The task: Extract the lines from the first line of the records below through the line containing "phi o diag(p)", inclusive, and reproduce them exactly as written.

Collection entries
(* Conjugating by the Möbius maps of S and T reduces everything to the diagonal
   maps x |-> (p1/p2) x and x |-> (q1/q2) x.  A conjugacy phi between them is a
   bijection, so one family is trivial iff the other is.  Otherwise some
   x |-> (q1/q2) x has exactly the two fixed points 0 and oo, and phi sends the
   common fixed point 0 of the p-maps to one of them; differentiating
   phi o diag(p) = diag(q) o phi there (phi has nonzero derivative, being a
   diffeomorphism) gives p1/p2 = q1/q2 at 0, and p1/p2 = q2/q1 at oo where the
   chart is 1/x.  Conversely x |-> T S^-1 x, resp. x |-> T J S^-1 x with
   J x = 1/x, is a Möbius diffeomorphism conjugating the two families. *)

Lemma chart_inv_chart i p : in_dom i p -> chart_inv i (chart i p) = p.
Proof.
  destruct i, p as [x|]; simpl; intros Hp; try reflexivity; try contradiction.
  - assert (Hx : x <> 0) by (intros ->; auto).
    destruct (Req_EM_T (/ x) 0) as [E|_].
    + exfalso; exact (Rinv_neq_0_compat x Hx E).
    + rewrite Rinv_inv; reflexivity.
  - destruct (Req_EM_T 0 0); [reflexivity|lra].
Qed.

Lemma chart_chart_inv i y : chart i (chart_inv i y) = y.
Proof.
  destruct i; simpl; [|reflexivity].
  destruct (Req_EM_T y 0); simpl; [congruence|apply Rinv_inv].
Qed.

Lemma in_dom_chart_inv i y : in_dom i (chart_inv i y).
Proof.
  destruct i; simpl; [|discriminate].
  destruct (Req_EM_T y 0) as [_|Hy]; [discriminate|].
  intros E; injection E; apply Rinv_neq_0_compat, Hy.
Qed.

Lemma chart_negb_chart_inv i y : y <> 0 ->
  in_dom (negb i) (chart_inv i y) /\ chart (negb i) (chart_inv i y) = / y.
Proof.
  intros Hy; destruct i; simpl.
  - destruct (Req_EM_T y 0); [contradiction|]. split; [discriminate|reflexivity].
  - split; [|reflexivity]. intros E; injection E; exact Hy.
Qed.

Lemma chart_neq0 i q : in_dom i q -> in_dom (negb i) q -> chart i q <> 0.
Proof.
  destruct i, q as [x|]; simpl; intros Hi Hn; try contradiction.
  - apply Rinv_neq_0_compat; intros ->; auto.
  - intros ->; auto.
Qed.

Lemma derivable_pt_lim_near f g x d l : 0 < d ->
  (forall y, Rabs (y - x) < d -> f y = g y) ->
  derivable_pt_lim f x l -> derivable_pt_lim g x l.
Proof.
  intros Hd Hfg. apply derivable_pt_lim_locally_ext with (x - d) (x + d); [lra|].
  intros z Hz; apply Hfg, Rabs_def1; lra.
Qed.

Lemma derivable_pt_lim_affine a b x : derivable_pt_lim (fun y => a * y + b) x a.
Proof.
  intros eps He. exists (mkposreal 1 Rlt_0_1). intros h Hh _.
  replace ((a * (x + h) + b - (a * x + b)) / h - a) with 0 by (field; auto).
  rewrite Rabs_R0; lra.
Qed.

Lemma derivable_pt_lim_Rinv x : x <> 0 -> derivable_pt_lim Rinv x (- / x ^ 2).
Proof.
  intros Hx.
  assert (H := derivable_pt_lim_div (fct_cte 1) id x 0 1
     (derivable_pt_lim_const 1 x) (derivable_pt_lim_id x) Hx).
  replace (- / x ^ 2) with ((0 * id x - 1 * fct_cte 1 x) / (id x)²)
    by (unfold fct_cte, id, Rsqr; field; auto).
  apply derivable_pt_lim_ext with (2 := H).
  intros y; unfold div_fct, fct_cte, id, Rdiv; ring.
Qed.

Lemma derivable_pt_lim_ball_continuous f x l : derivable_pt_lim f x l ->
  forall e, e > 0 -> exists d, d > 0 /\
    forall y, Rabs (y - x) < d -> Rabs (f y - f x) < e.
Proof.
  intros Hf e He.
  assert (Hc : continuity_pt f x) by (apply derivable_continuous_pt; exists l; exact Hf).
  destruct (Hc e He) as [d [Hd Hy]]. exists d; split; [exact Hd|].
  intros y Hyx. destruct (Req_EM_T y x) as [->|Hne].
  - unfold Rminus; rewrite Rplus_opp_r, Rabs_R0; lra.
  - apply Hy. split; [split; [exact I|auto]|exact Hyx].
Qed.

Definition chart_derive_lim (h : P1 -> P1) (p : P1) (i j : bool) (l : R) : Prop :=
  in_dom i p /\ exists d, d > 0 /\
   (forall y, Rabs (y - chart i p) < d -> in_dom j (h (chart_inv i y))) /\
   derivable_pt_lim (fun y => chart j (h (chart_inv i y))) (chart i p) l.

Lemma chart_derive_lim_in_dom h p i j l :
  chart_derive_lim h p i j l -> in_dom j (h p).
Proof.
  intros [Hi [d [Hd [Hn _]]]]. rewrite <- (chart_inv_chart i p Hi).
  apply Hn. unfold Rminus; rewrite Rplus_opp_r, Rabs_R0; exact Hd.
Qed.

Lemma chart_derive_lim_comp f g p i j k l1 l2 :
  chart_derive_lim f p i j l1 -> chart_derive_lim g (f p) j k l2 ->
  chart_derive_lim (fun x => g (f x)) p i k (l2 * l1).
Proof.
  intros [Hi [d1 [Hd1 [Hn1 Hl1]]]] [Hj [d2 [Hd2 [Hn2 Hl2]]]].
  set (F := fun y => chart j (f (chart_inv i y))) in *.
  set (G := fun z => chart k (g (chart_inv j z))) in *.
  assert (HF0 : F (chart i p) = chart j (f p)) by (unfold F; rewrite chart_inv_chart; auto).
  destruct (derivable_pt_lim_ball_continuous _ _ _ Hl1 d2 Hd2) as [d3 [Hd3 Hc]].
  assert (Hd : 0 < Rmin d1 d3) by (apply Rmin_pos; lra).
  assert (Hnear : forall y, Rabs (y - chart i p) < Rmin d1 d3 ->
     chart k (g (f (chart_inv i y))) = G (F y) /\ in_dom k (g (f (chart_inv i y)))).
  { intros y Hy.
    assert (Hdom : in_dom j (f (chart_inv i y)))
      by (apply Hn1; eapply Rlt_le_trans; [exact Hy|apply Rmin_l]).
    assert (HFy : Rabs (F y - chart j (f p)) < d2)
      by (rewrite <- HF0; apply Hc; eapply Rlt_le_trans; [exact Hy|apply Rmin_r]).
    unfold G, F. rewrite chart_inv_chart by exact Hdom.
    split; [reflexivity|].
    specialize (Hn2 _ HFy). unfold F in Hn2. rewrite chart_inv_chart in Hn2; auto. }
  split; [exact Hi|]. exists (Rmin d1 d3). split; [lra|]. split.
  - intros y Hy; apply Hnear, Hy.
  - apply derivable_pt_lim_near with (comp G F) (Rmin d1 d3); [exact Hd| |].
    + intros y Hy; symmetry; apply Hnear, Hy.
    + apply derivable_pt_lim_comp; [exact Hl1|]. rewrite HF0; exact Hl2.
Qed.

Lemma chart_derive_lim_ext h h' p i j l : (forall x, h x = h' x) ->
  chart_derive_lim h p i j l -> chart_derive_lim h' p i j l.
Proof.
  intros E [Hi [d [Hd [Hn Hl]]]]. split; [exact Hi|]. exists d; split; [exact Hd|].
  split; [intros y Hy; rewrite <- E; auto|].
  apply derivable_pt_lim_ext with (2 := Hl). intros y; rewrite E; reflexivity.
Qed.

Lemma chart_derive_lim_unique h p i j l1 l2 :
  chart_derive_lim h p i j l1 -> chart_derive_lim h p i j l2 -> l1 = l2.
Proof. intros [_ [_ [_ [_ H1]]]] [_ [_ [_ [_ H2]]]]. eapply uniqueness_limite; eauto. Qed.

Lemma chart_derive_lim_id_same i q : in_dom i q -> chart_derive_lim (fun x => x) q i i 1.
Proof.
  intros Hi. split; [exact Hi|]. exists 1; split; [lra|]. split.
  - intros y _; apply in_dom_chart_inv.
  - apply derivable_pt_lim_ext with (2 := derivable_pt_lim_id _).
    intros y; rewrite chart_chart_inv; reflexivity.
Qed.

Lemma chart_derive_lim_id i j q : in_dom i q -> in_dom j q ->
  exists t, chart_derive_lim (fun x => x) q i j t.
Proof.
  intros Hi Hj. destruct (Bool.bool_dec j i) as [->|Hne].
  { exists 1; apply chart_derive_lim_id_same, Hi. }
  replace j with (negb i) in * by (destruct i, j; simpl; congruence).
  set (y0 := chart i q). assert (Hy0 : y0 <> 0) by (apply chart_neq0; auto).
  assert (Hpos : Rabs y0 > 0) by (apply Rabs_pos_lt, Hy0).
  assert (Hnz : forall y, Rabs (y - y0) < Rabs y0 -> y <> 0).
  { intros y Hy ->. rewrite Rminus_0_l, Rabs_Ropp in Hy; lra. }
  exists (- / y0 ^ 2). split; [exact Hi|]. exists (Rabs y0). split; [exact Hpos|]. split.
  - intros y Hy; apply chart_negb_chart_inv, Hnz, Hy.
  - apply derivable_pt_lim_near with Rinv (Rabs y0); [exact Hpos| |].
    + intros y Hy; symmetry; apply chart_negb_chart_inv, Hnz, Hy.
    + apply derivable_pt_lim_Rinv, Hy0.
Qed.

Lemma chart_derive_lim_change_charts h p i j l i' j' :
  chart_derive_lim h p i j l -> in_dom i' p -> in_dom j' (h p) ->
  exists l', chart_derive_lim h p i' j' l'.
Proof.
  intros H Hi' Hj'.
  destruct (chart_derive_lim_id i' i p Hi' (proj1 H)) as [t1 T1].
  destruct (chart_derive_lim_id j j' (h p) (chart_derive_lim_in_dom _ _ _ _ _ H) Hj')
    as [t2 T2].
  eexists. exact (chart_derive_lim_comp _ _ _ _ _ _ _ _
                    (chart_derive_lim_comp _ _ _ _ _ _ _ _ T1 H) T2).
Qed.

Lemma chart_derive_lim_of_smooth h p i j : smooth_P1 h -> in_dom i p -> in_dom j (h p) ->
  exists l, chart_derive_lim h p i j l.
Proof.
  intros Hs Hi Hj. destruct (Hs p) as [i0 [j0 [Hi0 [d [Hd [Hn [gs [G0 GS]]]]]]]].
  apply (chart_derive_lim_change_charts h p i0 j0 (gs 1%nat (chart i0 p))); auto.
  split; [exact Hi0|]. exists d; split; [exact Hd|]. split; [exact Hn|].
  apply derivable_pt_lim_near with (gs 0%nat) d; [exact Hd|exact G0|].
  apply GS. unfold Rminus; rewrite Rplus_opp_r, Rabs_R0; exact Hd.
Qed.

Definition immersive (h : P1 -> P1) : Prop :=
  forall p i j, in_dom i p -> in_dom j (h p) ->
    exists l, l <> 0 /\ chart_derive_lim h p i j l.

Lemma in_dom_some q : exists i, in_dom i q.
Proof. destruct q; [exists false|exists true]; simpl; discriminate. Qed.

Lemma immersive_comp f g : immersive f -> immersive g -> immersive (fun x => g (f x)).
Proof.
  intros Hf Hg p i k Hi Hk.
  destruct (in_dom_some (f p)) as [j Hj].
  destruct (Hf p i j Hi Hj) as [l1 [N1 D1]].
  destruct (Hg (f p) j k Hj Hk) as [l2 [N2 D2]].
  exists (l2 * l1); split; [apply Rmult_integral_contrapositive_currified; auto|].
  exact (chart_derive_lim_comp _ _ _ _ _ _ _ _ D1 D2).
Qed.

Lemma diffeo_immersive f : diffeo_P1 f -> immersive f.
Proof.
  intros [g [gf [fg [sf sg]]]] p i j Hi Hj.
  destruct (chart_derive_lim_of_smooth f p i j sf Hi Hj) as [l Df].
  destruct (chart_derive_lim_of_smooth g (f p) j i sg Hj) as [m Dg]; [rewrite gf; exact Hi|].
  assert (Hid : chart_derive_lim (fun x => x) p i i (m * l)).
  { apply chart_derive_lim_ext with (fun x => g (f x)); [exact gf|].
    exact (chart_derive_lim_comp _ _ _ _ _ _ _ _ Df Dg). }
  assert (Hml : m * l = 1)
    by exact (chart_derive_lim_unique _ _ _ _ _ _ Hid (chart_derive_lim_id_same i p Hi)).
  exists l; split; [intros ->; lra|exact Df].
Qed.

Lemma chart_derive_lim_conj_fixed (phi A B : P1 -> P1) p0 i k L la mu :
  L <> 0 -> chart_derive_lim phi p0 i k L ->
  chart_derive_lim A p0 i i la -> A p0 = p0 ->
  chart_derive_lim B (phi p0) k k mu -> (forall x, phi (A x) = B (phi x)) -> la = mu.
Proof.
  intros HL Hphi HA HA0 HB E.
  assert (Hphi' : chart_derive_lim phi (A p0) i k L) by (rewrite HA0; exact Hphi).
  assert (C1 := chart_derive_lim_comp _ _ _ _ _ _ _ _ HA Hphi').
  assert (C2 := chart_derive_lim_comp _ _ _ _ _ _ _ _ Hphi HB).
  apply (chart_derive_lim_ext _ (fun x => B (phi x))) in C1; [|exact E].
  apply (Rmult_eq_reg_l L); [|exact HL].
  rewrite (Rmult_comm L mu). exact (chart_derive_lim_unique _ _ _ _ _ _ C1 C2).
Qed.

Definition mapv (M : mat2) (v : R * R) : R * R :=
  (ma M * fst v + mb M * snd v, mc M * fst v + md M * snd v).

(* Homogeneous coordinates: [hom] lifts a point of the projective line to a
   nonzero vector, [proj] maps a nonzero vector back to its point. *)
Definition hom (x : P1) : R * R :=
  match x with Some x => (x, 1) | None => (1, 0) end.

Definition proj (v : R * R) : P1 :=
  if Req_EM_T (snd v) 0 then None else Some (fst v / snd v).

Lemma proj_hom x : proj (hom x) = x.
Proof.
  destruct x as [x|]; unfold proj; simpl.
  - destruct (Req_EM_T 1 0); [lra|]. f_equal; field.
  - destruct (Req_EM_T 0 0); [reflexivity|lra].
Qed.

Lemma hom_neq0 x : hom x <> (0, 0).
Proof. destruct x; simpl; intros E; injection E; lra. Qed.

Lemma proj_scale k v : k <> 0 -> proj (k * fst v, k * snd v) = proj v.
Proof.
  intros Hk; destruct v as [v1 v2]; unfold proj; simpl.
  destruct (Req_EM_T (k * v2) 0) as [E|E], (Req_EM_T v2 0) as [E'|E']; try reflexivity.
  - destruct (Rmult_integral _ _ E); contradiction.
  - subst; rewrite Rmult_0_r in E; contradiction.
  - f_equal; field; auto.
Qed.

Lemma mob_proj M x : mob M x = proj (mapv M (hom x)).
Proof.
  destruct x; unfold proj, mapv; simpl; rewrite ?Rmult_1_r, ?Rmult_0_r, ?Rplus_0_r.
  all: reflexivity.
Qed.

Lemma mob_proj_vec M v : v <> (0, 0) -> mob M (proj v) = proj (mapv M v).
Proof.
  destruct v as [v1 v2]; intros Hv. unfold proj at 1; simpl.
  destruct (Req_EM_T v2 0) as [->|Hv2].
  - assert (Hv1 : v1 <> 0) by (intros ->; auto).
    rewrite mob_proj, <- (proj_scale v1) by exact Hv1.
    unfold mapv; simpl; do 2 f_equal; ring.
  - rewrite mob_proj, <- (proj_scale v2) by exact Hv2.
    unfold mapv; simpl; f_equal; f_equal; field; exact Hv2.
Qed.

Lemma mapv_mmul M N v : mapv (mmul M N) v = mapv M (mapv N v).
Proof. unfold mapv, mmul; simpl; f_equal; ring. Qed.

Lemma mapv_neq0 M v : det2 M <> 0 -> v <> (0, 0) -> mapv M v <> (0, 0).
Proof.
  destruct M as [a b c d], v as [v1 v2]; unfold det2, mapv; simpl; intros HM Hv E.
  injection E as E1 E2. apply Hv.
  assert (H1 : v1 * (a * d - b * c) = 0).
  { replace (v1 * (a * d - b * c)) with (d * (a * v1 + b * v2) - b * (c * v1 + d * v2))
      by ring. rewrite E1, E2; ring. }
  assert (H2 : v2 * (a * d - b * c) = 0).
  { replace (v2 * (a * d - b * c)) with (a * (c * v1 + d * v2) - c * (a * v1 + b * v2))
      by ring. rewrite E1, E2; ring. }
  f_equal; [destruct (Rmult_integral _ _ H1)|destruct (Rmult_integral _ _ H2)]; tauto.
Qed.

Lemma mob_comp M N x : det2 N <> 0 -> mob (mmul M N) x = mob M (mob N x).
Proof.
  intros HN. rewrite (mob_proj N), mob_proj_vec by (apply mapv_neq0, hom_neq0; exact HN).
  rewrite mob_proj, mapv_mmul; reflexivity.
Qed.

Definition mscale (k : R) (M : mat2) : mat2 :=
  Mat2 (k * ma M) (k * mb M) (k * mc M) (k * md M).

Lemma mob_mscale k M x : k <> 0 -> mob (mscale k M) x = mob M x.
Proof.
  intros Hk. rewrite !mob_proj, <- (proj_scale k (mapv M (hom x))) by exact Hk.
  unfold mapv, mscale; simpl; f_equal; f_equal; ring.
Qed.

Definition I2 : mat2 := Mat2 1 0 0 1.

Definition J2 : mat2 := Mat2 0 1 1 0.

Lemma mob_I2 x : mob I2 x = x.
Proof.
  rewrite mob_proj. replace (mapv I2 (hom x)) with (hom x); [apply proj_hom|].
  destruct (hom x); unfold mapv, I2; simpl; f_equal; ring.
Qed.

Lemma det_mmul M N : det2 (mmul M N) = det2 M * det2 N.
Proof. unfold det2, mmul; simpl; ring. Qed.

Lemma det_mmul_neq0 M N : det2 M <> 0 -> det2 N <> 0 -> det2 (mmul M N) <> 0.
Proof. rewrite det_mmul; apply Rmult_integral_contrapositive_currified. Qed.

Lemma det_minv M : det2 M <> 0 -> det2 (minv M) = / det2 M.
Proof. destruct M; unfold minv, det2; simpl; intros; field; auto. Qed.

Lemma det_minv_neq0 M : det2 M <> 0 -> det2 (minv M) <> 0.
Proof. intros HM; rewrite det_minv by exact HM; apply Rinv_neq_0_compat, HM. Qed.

Your solution:
(* Conjugating by the Möbius maps of S and T reduces everything to the diagonal
   maps x |-> (p1/p2) x and x |-> (q1/q2) x.  A conjugacy phi between them is a
   bijection, so one family is trivial iff the other is.  Otherwise some
   x |-> (q1/q2) x has exactly the two fixed points 0 and oo, and phi sends the
   common fixed point 0 of the p-maps to one of them; differentiating
   phi o diag(p) = diag(q) o phi there (phi has nonzero derivative, being a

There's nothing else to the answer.